----- Task data
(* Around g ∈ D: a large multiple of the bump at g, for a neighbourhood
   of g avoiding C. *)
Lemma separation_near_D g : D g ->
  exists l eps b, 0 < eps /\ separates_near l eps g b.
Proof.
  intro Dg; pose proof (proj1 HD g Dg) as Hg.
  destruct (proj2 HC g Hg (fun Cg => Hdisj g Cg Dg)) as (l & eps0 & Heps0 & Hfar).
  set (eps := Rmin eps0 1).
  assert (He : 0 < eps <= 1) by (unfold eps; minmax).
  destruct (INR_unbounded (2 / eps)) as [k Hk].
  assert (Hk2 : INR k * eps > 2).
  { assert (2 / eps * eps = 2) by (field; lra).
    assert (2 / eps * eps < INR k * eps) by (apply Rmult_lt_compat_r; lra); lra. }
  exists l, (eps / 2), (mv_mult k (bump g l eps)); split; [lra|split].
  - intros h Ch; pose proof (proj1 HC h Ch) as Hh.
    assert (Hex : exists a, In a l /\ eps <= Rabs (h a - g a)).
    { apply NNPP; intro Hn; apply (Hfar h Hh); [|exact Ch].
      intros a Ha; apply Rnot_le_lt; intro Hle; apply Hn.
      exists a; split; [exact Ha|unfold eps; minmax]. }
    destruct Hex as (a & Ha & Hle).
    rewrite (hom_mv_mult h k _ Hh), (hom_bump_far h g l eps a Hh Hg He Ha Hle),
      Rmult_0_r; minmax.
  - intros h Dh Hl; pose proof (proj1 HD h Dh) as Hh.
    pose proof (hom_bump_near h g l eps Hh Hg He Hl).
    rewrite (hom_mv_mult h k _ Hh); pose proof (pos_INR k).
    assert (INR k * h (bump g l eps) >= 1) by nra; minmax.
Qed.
----------
----- Task data
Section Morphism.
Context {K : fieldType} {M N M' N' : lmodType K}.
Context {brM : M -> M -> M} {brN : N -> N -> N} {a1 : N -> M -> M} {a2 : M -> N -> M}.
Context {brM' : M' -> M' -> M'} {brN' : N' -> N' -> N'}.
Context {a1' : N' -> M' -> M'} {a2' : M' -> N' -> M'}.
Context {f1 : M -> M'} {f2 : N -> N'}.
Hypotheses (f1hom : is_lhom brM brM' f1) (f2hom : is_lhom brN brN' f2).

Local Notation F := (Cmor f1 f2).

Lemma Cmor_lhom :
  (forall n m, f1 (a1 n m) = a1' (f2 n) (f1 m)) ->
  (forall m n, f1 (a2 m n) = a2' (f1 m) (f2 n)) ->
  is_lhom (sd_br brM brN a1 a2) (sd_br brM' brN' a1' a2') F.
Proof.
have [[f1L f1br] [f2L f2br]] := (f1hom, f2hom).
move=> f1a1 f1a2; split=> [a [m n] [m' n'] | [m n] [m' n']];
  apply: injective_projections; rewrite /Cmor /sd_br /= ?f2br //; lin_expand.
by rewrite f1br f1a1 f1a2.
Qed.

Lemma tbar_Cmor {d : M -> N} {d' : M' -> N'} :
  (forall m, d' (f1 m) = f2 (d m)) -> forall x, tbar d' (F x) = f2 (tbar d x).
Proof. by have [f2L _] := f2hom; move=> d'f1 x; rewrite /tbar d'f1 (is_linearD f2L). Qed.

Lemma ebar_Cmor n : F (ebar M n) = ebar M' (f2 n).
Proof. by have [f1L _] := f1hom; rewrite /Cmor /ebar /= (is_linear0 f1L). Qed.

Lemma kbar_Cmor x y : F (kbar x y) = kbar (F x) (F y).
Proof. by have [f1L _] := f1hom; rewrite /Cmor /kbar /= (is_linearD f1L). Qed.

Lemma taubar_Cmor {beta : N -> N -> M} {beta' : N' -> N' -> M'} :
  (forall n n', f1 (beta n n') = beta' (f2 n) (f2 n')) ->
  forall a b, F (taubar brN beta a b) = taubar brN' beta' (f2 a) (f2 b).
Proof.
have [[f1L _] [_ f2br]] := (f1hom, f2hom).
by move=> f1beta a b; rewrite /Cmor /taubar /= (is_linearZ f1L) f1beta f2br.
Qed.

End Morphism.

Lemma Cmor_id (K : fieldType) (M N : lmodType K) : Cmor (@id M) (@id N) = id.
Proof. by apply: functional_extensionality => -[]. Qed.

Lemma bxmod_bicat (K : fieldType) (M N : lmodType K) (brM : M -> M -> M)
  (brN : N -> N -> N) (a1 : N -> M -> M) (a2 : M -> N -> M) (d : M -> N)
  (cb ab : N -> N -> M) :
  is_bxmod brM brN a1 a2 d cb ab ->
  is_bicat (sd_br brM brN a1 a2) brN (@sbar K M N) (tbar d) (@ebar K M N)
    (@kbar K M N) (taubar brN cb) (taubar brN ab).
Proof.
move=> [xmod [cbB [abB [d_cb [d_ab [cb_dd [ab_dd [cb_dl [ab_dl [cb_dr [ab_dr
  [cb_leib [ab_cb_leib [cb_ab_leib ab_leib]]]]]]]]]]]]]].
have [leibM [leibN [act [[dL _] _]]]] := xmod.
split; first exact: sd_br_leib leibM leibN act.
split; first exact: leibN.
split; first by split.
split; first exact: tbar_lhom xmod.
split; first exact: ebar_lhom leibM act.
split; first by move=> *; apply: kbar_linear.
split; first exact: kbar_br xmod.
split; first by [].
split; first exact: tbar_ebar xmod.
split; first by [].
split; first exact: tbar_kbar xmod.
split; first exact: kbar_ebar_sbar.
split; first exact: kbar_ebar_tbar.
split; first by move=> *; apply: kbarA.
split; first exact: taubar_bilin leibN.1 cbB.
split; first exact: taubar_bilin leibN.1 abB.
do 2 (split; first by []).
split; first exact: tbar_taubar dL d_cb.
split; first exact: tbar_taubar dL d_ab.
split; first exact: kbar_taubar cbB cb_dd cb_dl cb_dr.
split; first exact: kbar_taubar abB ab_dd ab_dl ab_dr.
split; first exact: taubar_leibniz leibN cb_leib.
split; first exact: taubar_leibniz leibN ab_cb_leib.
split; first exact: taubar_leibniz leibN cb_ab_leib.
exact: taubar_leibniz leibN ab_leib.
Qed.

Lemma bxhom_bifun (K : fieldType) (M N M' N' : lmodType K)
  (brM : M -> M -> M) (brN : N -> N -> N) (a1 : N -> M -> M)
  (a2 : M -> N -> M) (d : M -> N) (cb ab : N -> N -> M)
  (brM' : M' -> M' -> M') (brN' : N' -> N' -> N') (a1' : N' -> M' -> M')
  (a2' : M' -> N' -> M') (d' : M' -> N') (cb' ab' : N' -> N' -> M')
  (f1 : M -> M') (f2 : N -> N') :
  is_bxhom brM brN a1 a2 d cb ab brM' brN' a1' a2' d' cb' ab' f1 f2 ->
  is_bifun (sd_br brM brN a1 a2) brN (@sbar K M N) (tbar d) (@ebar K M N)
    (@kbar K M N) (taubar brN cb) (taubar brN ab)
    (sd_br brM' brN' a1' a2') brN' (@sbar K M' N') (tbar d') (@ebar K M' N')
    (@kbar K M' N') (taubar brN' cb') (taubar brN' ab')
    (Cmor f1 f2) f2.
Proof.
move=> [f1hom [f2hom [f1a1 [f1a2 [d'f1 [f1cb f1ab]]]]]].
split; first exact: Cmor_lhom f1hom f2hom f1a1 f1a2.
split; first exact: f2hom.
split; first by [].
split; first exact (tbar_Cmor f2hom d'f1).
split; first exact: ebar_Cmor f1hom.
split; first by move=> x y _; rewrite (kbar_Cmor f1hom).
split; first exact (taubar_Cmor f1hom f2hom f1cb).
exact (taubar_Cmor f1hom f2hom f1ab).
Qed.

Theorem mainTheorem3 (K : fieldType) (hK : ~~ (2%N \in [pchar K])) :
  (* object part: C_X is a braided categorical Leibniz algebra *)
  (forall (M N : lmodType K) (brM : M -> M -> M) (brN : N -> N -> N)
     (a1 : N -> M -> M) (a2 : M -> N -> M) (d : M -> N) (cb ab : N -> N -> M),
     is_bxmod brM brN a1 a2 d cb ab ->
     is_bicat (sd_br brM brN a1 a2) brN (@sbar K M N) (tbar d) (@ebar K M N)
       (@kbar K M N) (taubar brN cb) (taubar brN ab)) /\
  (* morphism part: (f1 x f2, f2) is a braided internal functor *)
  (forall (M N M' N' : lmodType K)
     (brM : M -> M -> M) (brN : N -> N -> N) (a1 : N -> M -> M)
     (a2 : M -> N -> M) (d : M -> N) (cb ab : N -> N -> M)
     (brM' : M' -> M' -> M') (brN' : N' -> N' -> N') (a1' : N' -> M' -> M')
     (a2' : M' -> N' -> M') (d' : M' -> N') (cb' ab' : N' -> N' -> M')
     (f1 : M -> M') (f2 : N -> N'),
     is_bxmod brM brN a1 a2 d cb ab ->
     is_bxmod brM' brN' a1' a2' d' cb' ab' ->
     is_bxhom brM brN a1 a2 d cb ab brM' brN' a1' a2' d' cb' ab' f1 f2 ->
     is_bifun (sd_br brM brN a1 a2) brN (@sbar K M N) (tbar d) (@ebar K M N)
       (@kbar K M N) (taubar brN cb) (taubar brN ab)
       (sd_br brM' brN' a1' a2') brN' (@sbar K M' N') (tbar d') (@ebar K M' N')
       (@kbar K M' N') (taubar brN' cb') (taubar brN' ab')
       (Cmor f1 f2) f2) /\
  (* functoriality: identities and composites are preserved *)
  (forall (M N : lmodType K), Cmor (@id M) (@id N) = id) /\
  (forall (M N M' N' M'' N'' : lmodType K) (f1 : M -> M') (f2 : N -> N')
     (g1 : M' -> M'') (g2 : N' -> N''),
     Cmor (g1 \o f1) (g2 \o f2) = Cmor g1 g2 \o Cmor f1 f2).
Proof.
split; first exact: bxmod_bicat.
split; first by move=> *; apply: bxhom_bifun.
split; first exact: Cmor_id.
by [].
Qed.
----------
----- Task data
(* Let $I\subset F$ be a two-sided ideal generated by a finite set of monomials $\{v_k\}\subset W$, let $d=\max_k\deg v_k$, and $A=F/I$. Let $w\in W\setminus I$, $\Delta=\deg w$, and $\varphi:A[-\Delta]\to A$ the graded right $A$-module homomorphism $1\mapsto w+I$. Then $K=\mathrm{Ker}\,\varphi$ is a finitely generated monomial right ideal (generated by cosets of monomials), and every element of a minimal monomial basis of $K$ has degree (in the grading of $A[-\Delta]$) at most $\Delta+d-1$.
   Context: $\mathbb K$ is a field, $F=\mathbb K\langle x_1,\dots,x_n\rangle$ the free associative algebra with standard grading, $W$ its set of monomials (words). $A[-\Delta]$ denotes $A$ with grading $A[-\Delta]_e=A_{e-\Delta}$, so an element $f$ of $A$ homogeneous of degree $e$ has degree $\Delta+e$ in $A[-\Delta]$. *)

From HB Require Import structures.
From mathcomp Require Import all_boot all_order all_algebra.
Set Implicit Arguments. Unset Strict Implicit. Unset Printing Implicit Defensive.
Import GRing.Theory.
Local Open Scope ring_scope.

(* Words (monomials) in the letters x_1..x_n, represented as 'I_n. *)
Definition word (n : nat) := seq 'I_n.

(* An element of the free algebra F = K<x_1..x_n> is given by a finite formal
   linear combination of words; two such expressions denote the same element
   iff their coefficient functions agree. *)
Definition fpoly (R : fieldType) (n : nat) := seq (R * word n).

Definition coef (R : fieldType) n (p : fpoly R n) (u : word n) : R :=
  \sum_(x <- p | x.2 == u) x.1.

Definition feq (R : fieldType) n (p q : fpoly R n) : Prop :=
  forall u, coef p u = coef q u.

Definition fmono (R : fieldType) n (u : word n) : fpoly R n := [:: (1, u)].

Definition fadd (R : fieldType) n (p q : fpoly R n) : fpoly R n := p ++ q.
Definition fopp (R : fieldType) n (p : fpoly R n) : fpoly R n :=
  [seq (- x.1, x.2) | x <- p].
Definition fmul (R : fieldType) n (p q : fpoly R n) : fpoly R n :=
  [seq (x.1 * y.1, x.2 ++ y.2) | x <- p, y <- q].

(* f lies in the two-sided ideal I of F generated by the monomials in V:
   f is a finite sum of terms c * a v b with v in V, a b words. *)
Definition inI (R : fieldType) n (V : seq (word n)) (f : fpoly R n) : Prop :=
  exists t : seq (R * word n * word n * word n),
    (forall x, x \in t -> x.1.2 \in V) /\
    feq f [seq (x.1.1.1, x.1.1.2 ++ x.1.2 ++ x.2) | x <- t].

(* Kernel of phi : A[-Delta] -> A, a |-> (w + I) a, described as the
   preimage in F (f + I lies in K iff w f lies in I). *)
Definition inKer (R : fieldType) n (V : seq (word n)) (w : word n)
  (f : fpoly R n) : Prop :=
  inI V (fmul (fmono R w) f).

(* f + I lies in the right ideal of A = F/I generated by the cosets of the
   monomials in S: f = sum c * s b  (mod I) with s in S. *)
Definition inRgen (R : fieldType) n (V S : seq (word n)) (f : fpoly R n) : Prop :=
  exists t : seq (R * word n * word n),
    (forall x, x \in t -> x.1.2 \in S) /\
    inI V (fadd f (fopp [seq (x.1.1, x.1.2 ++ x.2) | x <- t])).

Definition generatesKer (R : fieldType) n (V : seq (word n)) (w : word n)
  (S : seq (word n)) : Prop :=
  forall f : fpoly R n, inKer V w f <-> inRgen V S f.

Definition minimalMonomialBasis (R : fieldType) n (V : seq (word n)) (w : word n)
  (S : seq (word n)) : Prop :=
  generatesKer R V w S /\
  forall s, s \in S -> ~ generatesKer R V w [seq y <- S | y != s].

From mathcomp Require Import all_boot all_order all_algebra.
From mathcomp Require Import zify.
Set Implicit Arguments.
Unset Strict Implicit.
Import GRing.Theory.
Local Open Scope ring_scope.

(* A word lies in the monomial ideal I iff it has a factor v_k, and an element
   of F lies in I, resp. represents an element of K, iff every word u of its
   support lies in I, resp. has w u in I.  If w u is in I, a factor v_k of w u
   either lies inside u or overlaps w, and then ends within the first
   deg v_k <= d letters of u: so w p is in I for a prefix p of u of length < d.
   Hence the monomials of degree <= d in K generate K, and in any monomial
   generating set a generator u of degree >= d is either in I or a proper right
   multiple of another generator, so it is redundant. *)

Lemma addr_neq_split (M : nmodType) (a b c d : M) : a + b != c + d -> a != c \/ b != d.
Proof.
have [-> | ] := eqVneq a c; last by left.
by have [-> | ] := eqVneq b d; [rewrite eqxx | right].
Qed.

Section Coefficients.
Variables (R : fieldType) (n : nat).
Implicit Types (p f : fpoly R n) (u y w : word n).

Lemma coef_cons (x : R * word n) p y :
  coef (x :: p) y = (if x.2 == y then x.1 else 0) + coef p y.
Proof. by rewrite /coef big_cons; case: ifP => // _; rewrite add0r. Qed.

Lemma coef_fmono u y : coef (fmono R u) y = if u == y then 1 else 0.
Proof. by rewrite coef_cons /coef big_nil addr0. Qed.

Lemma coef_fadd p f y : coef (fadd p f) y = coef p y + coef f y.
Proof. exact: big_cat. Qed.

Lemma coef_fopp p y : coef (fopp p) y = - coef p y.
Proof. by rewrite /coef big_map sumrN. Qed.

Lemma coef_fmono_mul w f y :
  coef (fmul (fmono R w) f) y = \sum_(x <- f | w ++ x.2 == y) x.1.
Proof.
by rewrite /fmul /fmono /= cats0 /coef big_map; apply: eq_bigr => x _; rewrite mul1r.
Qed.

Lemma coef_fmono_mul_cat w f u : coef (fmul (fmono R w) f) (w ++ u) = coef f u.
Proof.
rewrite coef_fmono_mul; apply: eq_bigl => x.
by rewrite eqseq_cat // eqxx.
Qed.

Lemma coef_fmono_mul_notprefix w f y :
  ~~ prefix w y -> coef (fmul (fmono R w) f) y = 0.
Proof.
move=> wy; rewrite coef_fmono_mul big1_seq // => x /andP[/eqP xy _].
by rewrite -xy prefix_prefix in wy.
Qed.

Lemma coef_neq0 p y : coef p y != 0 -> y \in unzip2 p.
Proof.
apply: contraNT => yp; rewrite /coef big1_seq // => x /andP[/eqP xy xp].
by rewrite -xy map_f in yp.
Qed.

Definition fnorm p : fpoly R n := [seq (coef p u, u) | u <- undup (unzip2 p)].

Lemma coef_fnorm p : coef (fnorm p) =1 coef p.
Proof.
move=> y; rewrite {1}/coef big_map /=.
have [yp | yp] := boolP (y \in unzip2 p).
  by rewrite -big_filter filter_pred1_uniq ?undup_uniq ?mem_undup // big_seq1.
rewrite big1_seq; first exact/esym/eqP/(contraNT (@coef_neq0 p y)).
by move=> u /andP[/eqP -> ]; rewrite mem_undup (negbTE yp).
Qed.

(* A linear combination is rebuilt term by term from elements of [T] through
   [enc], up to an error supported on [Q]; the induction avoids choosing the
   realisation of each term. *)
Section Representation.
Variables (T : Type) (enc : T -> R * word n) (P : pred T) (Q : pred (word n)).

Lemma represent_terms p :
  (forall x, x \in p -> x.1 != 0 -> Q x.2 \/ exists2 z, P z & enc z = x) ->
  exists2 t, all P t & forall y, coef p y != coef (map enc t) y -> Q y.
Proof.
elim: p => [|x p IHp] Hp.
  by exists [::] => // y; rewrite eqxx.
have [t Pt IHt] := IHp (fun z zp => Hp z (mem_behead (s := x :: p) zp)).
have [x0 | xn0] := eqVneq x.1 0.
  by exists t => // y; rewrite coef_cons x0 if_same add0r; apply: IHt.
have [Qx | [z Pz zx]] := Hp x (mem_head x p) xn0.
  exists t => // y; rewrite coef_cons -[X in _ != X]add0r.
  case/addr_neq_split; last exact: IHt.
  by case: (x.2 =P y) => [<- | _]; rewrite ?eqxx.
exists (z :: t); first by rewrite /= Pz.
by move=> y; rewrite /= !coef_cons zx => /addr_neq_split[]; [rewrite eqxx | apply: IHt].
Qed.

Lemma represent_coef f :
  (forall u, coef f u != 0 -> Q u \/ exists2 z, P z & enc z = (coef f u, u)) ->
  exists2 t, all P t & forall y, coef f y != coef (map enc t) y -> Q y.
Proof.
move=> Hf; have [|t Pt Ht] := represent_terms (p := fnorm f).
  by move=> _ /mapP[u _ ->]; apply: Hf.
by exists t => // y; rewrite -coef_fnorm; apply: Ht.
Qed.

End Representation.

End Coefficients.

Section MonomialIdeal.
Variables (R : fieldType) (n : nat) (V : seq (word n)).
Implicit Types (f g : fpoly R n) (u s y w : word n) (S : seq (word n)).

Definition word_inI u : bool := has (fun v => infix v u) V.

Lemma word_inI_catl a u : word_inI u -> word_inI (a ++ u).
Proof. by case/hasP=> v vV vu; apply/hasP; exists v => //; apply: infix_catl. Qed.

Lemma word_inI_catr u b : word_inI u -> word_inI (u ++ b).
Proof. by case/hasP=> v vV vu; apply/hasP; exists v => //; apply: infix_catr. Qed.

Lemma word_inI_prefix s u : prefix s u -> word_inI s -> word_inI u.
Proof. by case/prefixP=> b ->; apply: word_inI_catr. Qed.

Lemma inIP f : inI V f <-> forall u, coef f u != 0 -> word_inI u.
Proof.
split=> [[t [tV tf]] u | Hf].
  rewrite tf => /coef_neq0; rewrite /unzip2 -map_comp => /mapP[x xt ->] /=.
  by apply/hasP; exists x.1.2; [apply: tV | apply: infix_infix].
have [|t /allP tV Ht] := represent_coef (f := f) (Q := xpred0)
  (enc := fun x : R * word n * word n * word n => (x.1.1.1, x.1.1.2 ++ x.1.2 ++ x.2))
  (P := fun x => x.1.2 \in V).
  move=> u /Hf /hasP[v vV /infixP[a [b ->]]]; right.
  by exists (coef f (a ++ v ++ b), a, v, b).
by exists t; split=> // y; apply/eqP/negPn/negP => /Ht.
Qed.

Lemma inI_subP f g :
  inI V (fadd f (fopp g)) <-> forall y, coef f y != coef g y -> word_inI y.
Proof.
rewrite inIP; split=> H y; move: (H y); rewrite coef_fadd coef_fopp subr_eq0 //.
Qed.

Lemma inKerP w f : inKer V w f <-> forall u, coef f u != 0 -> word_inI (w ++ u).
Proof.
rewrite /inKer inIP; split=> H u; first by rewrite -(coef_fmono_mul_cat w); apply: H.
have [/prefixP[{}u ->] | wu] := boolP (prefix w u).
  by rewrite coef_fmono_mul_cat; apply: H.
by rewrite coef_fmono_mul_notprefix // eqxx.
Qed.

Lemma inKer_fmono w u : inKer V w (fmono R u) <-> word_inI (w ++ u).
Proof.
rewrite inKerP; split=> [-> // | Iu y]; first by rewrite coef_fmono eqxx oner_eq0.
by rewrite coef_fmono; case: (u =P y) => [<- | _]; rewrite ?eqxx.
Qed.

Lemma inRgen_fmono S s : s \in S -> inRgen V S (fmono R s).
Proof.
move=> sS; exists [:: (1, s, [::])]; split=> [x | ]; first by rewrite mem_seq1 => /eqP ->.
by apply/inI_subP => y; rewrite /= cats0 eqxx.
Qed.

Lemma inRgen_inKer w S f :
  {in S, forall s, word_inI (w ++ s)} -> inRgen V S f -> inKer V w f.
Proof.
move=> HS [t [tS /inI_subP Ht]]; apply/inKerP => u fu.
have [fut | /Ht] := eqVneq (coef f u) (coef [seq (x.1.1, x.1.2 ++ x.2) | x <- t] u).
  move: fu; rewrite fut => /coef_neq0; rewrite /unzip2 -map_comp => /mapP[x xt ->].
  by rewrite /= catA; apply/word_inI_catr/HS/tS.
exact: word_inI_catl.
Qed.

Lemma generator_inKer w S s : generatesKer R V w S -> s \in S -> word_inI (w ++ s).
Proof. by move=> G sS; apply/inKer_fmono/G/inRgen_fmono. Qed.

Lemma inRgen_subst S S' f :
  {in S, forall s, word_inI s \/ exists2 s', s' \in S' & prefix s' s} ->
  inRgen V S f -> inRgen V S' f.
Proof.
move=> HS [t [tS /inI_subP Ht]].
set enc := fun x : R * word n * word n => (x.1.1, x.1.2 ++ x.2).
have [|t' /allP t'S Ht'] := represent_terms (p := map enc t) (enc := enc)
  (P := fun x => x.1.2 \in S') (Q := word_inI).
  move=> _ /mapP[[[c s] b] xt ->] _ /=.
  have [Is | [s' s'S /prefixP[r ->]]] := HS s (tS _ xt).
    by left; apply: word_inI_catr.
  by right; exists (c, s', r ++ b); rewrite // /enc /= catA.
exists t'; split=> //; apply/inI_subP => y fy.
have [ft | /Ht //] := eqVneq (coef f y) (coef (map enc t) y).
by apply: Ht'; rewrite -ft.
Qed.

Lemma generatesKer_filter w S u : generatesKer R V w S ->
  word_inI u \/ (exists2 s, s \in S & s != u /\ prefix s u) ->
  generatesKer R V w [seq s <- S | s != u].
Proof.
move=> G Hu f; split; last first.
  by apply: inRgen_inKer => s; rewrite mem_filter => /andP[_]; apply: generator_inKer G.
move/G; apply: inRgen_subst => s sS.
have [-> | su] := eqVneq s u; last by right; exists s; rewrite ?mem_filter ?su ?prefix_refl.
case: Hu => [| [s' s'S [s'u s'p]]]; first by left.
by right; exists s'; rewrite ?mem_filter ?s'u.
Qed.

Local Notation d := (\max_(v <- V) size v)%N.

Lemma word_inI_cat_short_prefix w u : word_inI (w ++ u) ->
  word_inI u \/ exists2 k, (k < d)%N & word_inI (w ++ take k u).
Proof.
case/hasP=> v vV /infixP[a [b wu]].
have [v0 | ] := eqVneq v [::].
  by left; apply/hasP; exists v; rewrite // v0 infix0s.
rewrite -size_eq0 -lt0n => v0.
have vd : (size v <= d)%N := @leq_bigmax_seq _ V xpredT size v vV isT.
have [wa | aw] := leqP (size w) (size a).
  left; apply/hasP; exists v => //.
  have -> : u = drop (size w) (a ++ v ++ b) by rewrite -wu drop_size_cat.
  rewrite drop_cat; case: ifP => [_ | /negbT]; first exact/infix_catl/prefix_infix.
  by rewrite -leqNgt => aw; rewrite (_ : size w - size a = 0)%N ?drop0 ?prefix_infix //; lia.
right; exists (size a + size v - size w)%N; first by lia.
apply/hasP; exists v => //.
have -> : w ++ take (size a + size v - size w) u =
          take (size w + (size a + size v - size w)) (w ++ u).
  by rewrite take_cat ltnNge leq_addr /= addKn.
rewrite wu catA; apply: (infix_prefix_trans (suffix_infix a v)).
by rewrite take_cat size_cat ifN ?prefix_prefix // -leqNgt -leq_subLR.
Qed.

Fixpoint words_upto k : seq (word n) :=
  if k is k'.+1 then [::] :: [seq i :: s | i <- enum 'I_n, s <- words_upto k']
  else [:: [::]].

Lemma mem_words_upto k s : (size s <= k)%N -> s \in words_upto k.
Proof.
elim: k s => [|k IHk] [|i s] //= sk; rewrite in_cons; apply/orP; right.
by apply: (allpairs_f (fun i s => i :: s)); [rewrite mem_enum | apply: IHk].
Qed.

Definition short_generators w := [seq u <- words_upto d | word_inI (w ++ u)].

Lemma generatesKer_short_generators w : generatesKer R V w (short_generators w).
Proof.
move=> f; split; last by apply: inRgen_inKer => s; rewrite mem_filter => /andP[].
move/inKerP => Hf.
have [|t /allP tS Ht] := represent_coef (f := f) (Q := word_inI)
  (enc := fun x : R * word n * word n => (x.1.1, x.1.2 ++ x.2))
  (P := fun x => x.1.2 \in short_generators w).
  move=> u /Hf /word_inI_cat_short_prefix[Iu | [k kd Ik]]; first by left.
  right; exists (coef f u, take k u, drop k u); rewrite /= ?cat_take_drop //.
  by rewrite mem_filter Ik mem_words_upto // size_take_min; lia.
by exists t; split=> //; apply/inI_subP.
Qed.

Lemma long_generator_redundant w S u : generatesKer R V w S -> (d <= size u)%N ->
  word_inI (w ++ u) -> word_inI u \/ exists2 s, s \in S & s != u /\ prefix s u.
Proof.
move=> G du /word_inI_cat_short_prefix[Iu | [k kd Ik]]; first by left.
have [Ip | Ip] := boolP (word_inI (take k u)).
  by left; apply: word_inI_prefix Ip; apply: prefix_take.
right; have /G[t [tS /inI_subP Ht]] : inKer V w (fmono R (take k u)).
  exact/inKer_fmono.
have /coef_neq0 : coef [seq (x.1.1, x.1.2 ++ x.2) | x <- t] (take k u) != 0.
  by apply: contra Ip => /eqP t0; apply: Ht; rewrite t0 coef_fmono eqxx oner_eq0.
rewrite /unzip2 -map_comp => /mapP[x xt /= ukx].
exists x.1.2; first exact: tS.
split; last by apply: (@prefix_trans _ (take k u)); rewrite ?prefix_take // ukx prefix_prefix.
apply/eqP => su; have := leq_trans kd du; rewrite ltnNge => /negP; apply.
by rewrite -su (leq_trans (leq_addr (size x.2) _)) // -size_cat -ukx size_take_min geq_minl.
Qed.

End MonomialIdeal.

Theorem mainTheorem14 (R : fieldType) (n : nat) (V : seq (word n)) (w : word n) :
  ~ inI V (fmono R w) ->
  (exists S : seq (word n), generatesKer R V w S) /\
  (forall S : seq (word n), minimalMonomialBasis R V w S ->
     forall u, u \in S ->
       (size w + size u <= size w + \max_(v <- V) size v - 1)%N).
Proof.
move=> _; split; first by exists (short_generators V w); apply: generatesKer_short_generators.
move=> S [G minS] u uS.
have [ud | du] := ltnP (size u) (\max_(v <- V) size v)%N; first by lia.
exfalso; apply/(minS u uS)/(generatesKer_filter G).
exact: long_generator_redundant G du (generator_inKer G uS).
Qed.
----------
→ **Work instructions**: Only the lines above starting with the one with "by rewrite /= catA;" and going through the one with "Lemma inRgen_subst S" are to be copied, word for word and with both ends kept.

→ **Task solution**:
  by rewrite /= catA; apply/word_inI_catr/HS/tS.
exact: word_inI_catl.
Qed.

Lemma generator_inKer w S s : generatesKer R V w S -> s \in S -> word_inI (w ++ s).
Proof. by move=> G sS; apply/inKer_fmono/G/inRgen_fmono. Qed.

Lemma inRgen_subst S S' f :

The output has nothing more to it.